É evidente que a rapidez no trabalho é um fator importante na produção; de modo que há motivo para perguntar se com este sistema se obteria a necessária velocidade. Respondemos que há dois tipos de rapidez: a que vi numa fábrica de fitas em Nottingham, onde homens adultos, com mão se cabeças trêmulas, trabalhavam de maneira intensa, ligando os restos de fios que sobram nas bobinas, não sendo possível seguir com os olhos a rapidez dos seus movimentos. Mas o próprio fato de se necessitar de um trabalho tão violento é a maior condenação do sistema da grande indústria. O que resta do ser humano atrás destes corpos tão trêmulos? Quais serão as consequências disto? Para que tal desgaste da força humana, quando ela poderia produzir dez vezes o valor do resto do fio que se pretende aproveitar? Este tipo de rapidez só se justifica em função da economia resultante do trabalho escravo na fábrica. Por este motivo não devemos esperar que nenhum colégio aspire a semelhante rapidez no trabalho. Mas existe também a rapidez que representa uma economia de tempo dos operários habilidosos, a que se obtém por meio da educação que apregoamos.

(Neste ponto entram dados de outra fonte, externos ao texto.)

Lemma R_geq_SG_ideal t : SG_ideal G (R_geq G t).
Proof.
split; first split; first split.
- exact: R_geq0.
- by split=> [x y|r x]; [apply: R_geqB | apply: R_geq_mull].
- by move=> r x; apply: R_geq_mulr.
- apply: (SG_sub_of_hcomp dsG) => // k a Ra I sgI It.
  by apply: (SG_sub_hcomp dsG k (proj2 sgI) _ (Ra I sgI It)); case: sgI => [[[]]].
Qed.

Lemma dsum_in_img K y : dsum_in G K y -> dsum_in GS K (f y).
Proof.
move=> [s [c [us [Ks [Pc ->]]]]]; exists s, (fun k => f (c k)).
by split=> //; split=> //; split=> [k|]; [exists (c k) | rewrite rmorph_sum].
Qed.

Lemma R_geq_img t a : R_geq G t a -> R_geq GS t (f a).
Proof.
move=> Ra I sgI It; apply: (Ra _ (SG_ideal_preim sgI)) => y dy.
exact/It/dsum_in_img.
Qed.

(* [f(R_{>=t})] is an SG ideal of [S] containing every element of degree [>= t]. *)
Lemma R_geq_lift t b : R_geq GS t b -> exists a, R_geq G t a /\ f a = b.
Proof.
move/(_ _ (SG_ideal_img (R_geq_SG_ideal t))); apply.
move=> y [s [c [us [Ks [Pc ->]]]]]; exists (\sum_(i <- s) lift_homog i (c i)).
split; last by rewrite rmorph_sum; apply: eq_bigr => i _; case: (lift_homogP (Pc i)).
move=> I _; apply; exists s, (fun i => lift_homog i (c i)).
by split=> //; split=> //; split=> // i; case: (lift_homogP (Pc i)).
Qed.

Lemma ipow_img t n a : ipow (R_geq G t) n a -> ipow (R_geq GS t) n (f a).
Proof.
case: n => // n /= [ss [Hss ->]]; exists (map (map f) ss); split.
  move=> _ /mapP [s ss_s ->]; have [sz Rs] := Hss s ss_s.
  by split=> [|_ /mapP [b sb ->]]; [rewrite size_map | apply: R_geq_img; apply: Rs].
by rewrite rmorph_sum big_map; apply: eq_bigr => s _; rewrite rmorph_prod big_map.
Qed.

Lemma ipow_lift t n b : ipow (R_geq GS t) n b -> exists a, ipow (R_geq G t) n a /\ f a = b.
Proof.
case: n => [_|n /= [ss [Hss ->]]]; first by exists (sect f b); rewrite sectK.
pose lift y := epsilon (inhabits 0) (fun a => R_geq G t a /\ f a = y).
have liftP y : R_geq GS t y -> R_geq G t (lift y) /\ f (lift y) = y.
  by move=> Ry; apply: (epsilon_spec _ (fun a => R_geq G t a /\ _)); apply: R_geq_lift.
exists (\sum_(s <- map (map lift) ss) \prod_(a <- s) a); split.
  exists (map (map lift) ss); split=> // _ /mapP [s ss_s ->].
  have [sz Rs] := Hss s ss_s; split=> [|_ /mapP [y sy ->]]; first by rewrite size_map.
  by case: (liftP y (Rs y sy)).
rewrite rmorph_sum big_map; apply: eq_big_seq => s ss_s.
rewrite rmorph_prod big_map; apply: eq_big_seq => y sy.
by case: (liftP y (proj2 (Hss s ss_s) y sy)).
Qed.

Lemma Rp_img n r : Rp G n r -> Rp GS n (f r).
Proof.
move=> [Gr Rr]; split=> [|m _ [h [Gh <-]]]; first by exists r.
by exists (r * h); rewrite rmorphM; split=> //; apply: Rr.
Qed.

(* Compatibility gives a preimage in some [R'_n']; if [n' != n] then [s] has
   both degrees [n] and [n'], so [s = 0]. *)
Lemma Rp_img_lift n s : compatible G f -> Rp GS n s -> exists r, Rp G n r /\ f r = s.
Proof.
move=> compat Rs; have [r [[n' Rr] fr]] := proj2 (compat s) (ex_intro _ n Rs).
have [->|ne_nn'] := eqVneq n n'; first by exists r.
exists 0; split; first exact: Rp0.
have := hcomp_homog img_dirsum n (proj1 (Rp_img Rr)).
by rewrite (negbTE ne_nn') fr (hcomp_homog img_dirsum n (proj1 Rs)) eqxx rmorph0.
Qed.

Lemma torsion_fstar (N : modT S) x : torsion GS N x <-> torsion G (fstar f N) x.
Proof.
split=> [[Nx [n [t kx]]]|[Nx [n [t kx]]]]; split=> //; exists n, t.
  by move=> a /ipow_img; apply: kx.
by move=> b /ipow_lift [a [a_in <-]]; apply: kx.
Qed.

Lemma fstar_module (N : modT S) : is_module N -> is_module (fstar f N).
Proof.
move=> modN; split; first exact: (mdom0 modN).
split=> [x y|]; first exact: (mdomB modN).
split=> [r x|] /=; first exact: (mdom_act modN).
split=> [r x y|] /=; first exact: (mactDr modN).
split=> [r s x Nx|] /=; first by rewrite rmorphD (mactDl modN).
by split=> [r s x Nx|x Nx] /=; rewrite ?rmorphM ?(mactM modN) ?rmorph1 ?(mact1 modN).
Qed.

Lemma fstar_LSG (N : modT S) : LSG_mod GS N -> LSG_mod G (fstar f N).
Proof.
move=> [[modN [dsN SG_act]] LSG_act]; split; first split.
- exact: fstar_module.
- by split=> // m n r x m0 Gr Nx /=; apply: SG_act => //; exists r.
- by move=> n m r x Rr Nx /=; apply: LSG_act => //; apply: Rp_img.
Qed.

Lemma ghom_fstar (N N' : modT S) h : ghom N N' h -> ghom (fstar f N) (fstar f N') h.
Proof.
move=> [h_dom [hD [h_act h_deg]]].
split; [exact: h_dom | split; [exact: hD | split; [|exact: h_deg]]].
by move=> r; apply: h_act.
Qed.

Lemma T_closed_img_torsion_free (N : modT S) x : schematic G -> T_closed GS N ->
  torsion GS N x -> x = 0.
Proof.
move=> schG TN; apply: T_closed_torsion_free => // k y /torsion_fstar tors_y.
exact/torsion_fstar/(torsion_hcomp k schG (fstar_LSG (proj1 TN))).
Qed.

End ChangeOfRings.

Definition descend (R S : nzRingType) (f : R -> S) (M : modT R) : modT S :=
  @ModT S (mcar M) (mdom M) (fun s x => mact M (sect f s) x) (mdeg M).

Section Shriek.
Variables (R S : nzRingType) (G : int -> R -> Prop) (J : R -> Prop).
Variable f : {rmorphism R -> S}.
Hypotheses (dsG : graded_dirsum (fun _ => True) G) (sgJ : SG_ideal G J).
Hypotheses (f_surj : forall s, exists r, f r = s) (kerf : forall r, f r = 0 <-> J r).
Hypothesis compat : compatible G f.

Local Notation GS := (img_grading f G).

Lemma descend_LSG (M : modT R) : LSG_mod G M ->
  (forall r x, J r -> mdom M x -> mact M r x = 0) -> LSG_mod GS (descend f M).
Proof.
move=> LSG_M JM; have modM := LSG_module LSG_M; have dsM := LSG_dirsum LSG_M.
have act_f x a b : mdom M x -> f a = f b -> mact M a x = mact M b x.
  by move=> Mx; apply: mact_eq_mod_J => // r Jr; apply: JM.
have [[_ [_ SG_act]] LSG_act] := LSG_M.
split; first split.
- split; first exact: (mdom0 modM).
  split=> [x y|]; first exact: (mdomB modM).
  split=> [s x|] /=; first exact: (mdom_act modM).
  split=> [s x y|] /=; first exact: (mactDr modM).
  split=> [s s' x Mx|] /=.
    by rewrite -(mactDl modM) //; apply: act_f; rewrite // rmorphD !sectK.
  split=> [s s' x Mx|x Mx] /=.
    by rewrite -(mactM modM) //; apply: act_f; rewrite // rmorphM !sectK.
  by rewrite -[RHS](mact1 modM Mx); apply: act_f; rewrite // rmorph1 sectK.
- split=> // m n s x m0 [r [Gr <-]] Mnx /=.
  rewrite (act_f x _ r) ?sectK //; first exact: SG_act.
  exact: mdeg_dom LSG_M _ _ Mnx.
- move=> n m s x Rs Mmx /=; have [r [Rr <-]] := Rp_img_lift dsG sgJ f_surj kerf compat Rs.
  by rewrite (act_f x _ r) ?sectK //; [apply: LSG_act | apply: mdeg_dom LSG_M _ _ Mmx].
Qed.

Lemma fsh_dom (M : modT R) y : fsh_set J M y -> mdom M y.
Proof. by move=> [P [[[PM _] _] [_ Py]]]; apply: PM. Qed.

Lemma fsh_annihilated (M : modT R) r y : J r -> fsh_set J M y -> mact M r y = 0.
Proof. by move=> Jr [P [_ [JP Py]]]; apply: JP. Qed.

Lemma fsh_act (M : modT R) r y : fsh_set J M y -> fsh_set J M (mact M r y).
Proof.
move=> [P [sgP [JP Py]]]; exists P; split=> //; split=> //.
by case: sgP => [[_ [_ [_ Pact]]] _]; apply: Pact.
Qed.

Lemma mact_fsh_eq (M : modT R) y a b : is_module M -> fsh_set J M y -> f a = f b ->
  mact M a y = mact M b y.
Proof.
move=> modM Jy; apply: mact_eq_mod_J => //; first exact: fsh_dom Jy.
by move=> r Jr; apply: fsh_annihilated Jy.
Qed.

(* [fsh_set J M] is a union of SG submodules; it is closed under subtraction
   because the sum of two of them is again one. *)
Lemma fsh_SG_submod (M : modT R) : LSG_mod G M -> SG_submod M (fsh_set J M).
Proof.
move=> LSG_M; have modM := LSG_module LSG_M; have dsM := LSG_dirsum LSG_M.
split; last first.
  apply: (SG_sub_of_hcomp dsM (@fsh_dom M)) => k y [P [sgP [JP Py]]].
  exists P; split=> //; split=> //; apply: (SG_sub_hcomp dsM k (proj2 sgP)) => //.
  by case: sgP => [[_ []]].
split=> [y|]; first exact: fsh_dom.
split.
  exists (fun y => y = 0); split; first exact: zero_SG_submod LSG_M.
  by split=> // r y _ ->; apply: mactr0.
split=> [x y [P1 [sg1 [J1 P1x]]] [P2 [sg2 [J2 P2y]]]|r y]; last exact: fsh_act.
exists (fun z => exists a b, P1 a /\ P2 b /\ z = a + b).
split; first exact: SG_submod_add.
split=> [r _ Jr [a [b [P1a [P2b ->]]]]|].
  have [[P1M _] _] := sg1; have [[P2M _] _] := sg2.
  rewrite (mactDr modM r (P1M _ P1a) (P2M _ P2b)).
  by rewrite (J1 r a Jr P1a) (J2 r b Jr P2b) addr0.
exists x, (- y); split=> //; split=> //.
by case: sg2 => [[_ [P20 [P2B _]]] _]; rewrite -sub0r; apply: P2B.
Qed.

Lemma fshriek_LSG (M : modT R) : LSG_mod G M -> LSG_mod GS (fshriek f J M).
Proof.
move=> LSG_M; apply: (descend_LSG (LSG_submodT LSG_M (fsh_SG_submod LSG_M))).
by move=> r y Jr; apply: fsh_annihilated.
Qed.

Lemma hom_on_fshriek (N : modT S) (M : modT R) D h : is_module M ->
  hom_on N (fshriek f J M) D h -> hom_on (fstar f N) M D h.
Proof.
move=> modM hh; split=> [x Dx|]; first exact: fsh_dom (hom_dom hh Dx).
split=> [x y Dx Dy|]; first exact: (homD hh).
split=> [r x Dx|n x Dx /(hom_deg hh Dx) []] //=.
by rewrite (hom_act hh) //= (mact_fsh_eq (b := r) modM (hom_dom hh Dx)) ?sectK.
Qed.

Por mais simples que seja o trabalho, o operário instruído o realizará melhor e mais rápido do que o que carece de instrução. Observe-se, por exemplo, como faz um bom operário para cortar qualquer coisa; suponhamos que se trate de um pedaço de cartolina; é fácil comparar os seus movimentos com os de alguém não adestrado. Este toma a cartolina, pega o instrumento de corte sem olhá-lo, traça uma linha de qualquer jeito e começa a cortar; estará cansado no meio do trabalho, e quando terminar vai ver que o que fez não tem valor algum. E aquele, ao contrário, começará examinando o material que vai utilizar, ajeitando-o se for necessário, traçará a linha com exatidão, segurará ao mesmo tempo a cartolina e a régua, pegará com habilidade o instrumento de corte, cortará facilmente, apresentando assim um trabalho bem feito. Este é o tipo de rapidez que economiza tempo. Assim deve ser com o trabalho humano, e o melhor meio de obtê-la é através da melhor instrução possível. Os grandes mestres pintavam com uma rapidez surpreendente, mas isto era resultante do grande desenvolvimento de sua inteligência e imaginação, de uma delicada concepção do belo e de uma fina percepção das cores. E este é o tipo de trabalho rápido que faz falta à humanidade.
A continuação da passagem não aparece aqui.